By Michaela Whitbourn
Updated

Disgraced former soldier Ben Roberts-Smith gave false evidence, arranged “unusual” legal fee payments for supportive witnesses and may have perverted the course of justice by threatening a former comrade, the judge who dismissed his multimillion-dollar defamation lawsuit said.

In the full reasons for the judgment, released on Monday, Federal Court judge Anthony Besanko said the former Special Air Service corporal was “not an honest and reliable witness in ... many areas”. He endorsed the credibility and honesty of witnesses who detailed Roberts-Smith’s wrongdoing.

Besanko said anonymous threats Roberts-Smith made in writing in 2018 to a solider dubbed Person 18 “may constitute a criminal offence of attempting to pervert the course of justice ... or using a postal or similar service to menace, harass or cause offence”.

In a landmark decision, a summary of which was released last week, Besanko found that The Age, The Sydney Morning Herald and The Canberra Times had proven Roberts-Smith was a war criminal involved in the unlawful execution of four prisoners during deployments in Afghanistan between 2009 and 2012. The judge also found the Victoria Cross recipient had bullied a fellow soldier.

The release of the full decision was delayed until Monday after the Commonwealth asked for time to review the judgment to avoid any inadvertent disclosure of national security information.

Besanko did not find the news outlets had proven the former soldier committed an act of domestic violence against a lover, but he found that in light of other proven allegations, Roberts-Smith’s reputation had not suffered additional damage and that part of his case should be dismissed. He also found that Roberts-Smith’s behaviour towards the woman, known as Person 17, was at times “intimidatory, threatening and controlling”.

Journalists Nick McKenzie and Chris Masters address the media last Thursday, after Ben Roberts-Smith lost his defamation case.

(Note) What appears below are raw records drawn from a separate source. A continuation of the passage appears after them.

(* Let $F$ satisfy (G1)–(G3), let $\mu$ be an ergodic stationary probability measure of $\Pi(F)$, and let $k,k'\in\{1,\dots,N\}$. Then for every $\varepsilon>0$ there exist admissible compositions $G_A,G_B:I_k\to I_{k'}$ with $G_A(I_{\mu,k})\subset U_\varepsilon(A_{\mu,k'})$ and $G_B(I_{\mu,k})\subset U_\varepsilon(B_{\mu,k'})$.
   Context: Setting: $N\ge1$; $\{0,1\}$-matrix $A=(a_{ij})$ with some power having all entries positive; stochastic matrix $\Pi=(\pi_{ij})$ with $\pi_{ij}>0$ iff $a_{ij}=1$. $I=[0,1]$; $f_1,\dots,f_N:I\to I$ strictly increasing $C^1$ diffeomorphisms onto their images with $f_k(I)\subset(0,1)$. $\mathcal I=\{1,\dots,N\}\times I$, $I_k=\{k\}\times I$. $(k,m)$ admissible iff $\pi_{km}>0$. $\Pi(F)$: Markov process jumping from $(i,x)$ to $(j,f_i(x))$ with probability $\pi_{ij}$. $\mu$ stationary iff $\mu_j=\sum_i\pi_{ij}(f_i)_*\mu_i$ ($\mu_k=\mu|_{I_k}$); ergodic = extreme point. $A_{\mu,k}=\min\operatorname{supp}\mu_k$, $B_{\mu,k}=\max\operatorname{supp}\mu_k$, $I_{\mu,k}=[A_{\mu,k},B_{\mu,k}]$. $U_\varepsilon$ denotes the $\varepsilon$-neighborhood. Admissible composition $f_{w_1\dots w_n}=f_{w_n}\circ\dots\circ f_{w_1}:I_{w_1}\to I_{w_{n+1}}$ with each $(w_i,w_{i+1})$, $i\le n$, admissible; simple transition: $w_1,\dots,w_{n+1}$ distinct; simple return: $w_1,\dots,w_n$ distinct, $w_{n+1}=w_1$. (G1) every fixed point $q$ of a simple return $g$ has $g'(q)\ne1$; (G2) no simple transition maps an attracting (resp. repelling) fixed point of a simple return to a repelling (resp. attracting) fixed point of a simple return; (G3) no $a_1,\dots,a_N\in I$ with $f_i(a_i)=a_j$ for all admissible $(i,j)$. *)

From Stdlib Require Import Reals List.
Import ListNotations.
Open Scope R_scope.

Fixpoint rsum (n : nat) (f : nat -> R) : R :=
  match n with O => 0 | S n' => rsum n' f + f n' end.

Fixpoint mpow (N : nat) (a : nat -> nat -> R) (p : nat) (i j : nat) : R :=
  match p with
  | O => if Nat.eqb i j then 1 else 0
  | S p' => rsum N (fun l => mpow N a p' i l * a l j)
  end.

Definition inI (x : R) : Prop := 0 <= x <= 1.

Definition has_deriv_I (g : R -> R) (x l : R) : Prop :=
  forall eps, eps > 0 -> exists delta, delta > 0 /\
    forall y, inI y -> 0 < Rabs (y - x) < delta ->
      Rabs ((g y - g x) / (y - x) - l) < eps.

(* f : I -> I strictly increasing C^1 diffeomorphism onto its image, f(I) in (0,1) *)
Definition good_map (g : R -> R) : Prop :=
  (forall x y, inI x -> inI y -> x < y -> g x < g y) /\
  (exists dg : R -> R,
     (forall x, inI x -> has_deriv_I g x (dg x)) /\
     (forall x, inI x -> dg x > 0) /\
     (forall x, inI x -> forall eps, eps > 0 -> exists delta, delta > 0 /\
        forall y, inI y -> Rabs (y - x) < delta -> Rabs (dg y - dg x) < eps)) /\
  (forall x, inI x -> 0 < g x < 1).

(* Word [w1; ...; w_{n+1}] encodes f_{w_n} o ... o f_{w_1} : I_{w1} -> I_{w_{n+1}}. *)
Fixpoint acomp (f : nat -> R -> R) (w : list nat) (x : R) : R :=
  match w with
  | [] => x
  | [_] => x
  | a :: ((_ :: _) as t) => acomp f t (f a x)
  end.

Fixpoint adm_chain (pi : nat -> nat -> R) (w : list nat) : Prop :=
  match w with
  | a :: ((b :: _) as t) => pi a b > 0 /\ adm_chain pi t
  | _ => True
  end.

Definition admissible (N : nat) (pi : nat -> nat -> R) (w : list nat) : Prop :=
  (2 <= length w)%nat /\ (forall c, In c w -> (c < N)%nat) /\ adm_chain pi w.

Definition simple_transition N pi (w : list nat) : Prop :=
  admissible N pi w /\ NoDup w.

Definition simple_return N pi (w : list nat) : Prop :=
  admissible N pi w /\ NoDup (removelast w) /\ last w 0%nat = hd 0%nat w.

Definition attracting_fp N pi f (w : list nat) (q : R) : Prop :=
  simple_return N pi w /\ inI q /\ acomp f w q = q /\
  exists l, has_deriv_I (acomp f w) q l /\ Rabs l < 1.

Definition repelling_fp N pi f (w : list nat) (q : R) : Prop :=
  simple_return N pi w /\ inI q /\ acomp f w q = q /\
  exists l, has_deriv_I (acomp f w) q l /\ Rabs l > 1.

Definition G1 N pi f : Prop :=
  forall w q l, simple_return N pi w -> inI q -> acomp f w q = q ->
    has_deriv_I (acomp f w) q l -> l <> 1.

Definition G2 N pi f : Prop :=
  forall v w w' q q', simple_transition N pi v ->
    hd 0%nat v = hd 0%nat w -> last v 0%nat = hd 0%nat w' ->
    ((attracting_fp N pi f w q -> repelling_fp N pi f w' q' -> acomp f v q <> q') /\
     (repelling_fp N pi f w q -> attracting_fp N pi f w' q' -> acomp f v q <> q')).

Definition G3 N pi f : Prop :=
  ~ exists a : nat -> R, (forall i, (i < N)%nat -> inI (a i)) /\
      forall i j, (i < N)%nat -> (j < N)%nat -> pi i j > 0 -> f i (a i) = a j.

Definition is_open (U : R -> Prop) : Prop :=
  forall x, U x -> exists eps, eps > 0 /\ forall y, Rabs (y - x) < eps -> U y.

Inductive borel : (R -> Prop) -> Prop :=
| borel_open U : is_open U -> borel U
| borel_compl U : borel U -> borel (fun x => ~ U x)
| borel_union (A : nat -> R -> Prop) :
    (forall n, borel (A n)) -> borel (fun x => exists n, A n x).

Journalists Nick McKenzie and Chris Masters address the media last Thursday, after Ben Roberts-Smith lost his defamation case.Credit: James Brickwood

Besanko’s full judgment said the “combined effect” of evidence of current and former SAS soldiers who implicated Roberts-Smith in the execution of two Afghan prisoners at a compound dubbed Whiskey 108 on Easter Sunday 2009 was “powerful”.

There was “no evidence of a plausible motive to lie or collusion” between the witnesses, Besanko said, and they “were independent, had no interest in the result and were aware of the significance of giving evidence. Furthermore, they were in a position to observe the events about which they gave evidence.”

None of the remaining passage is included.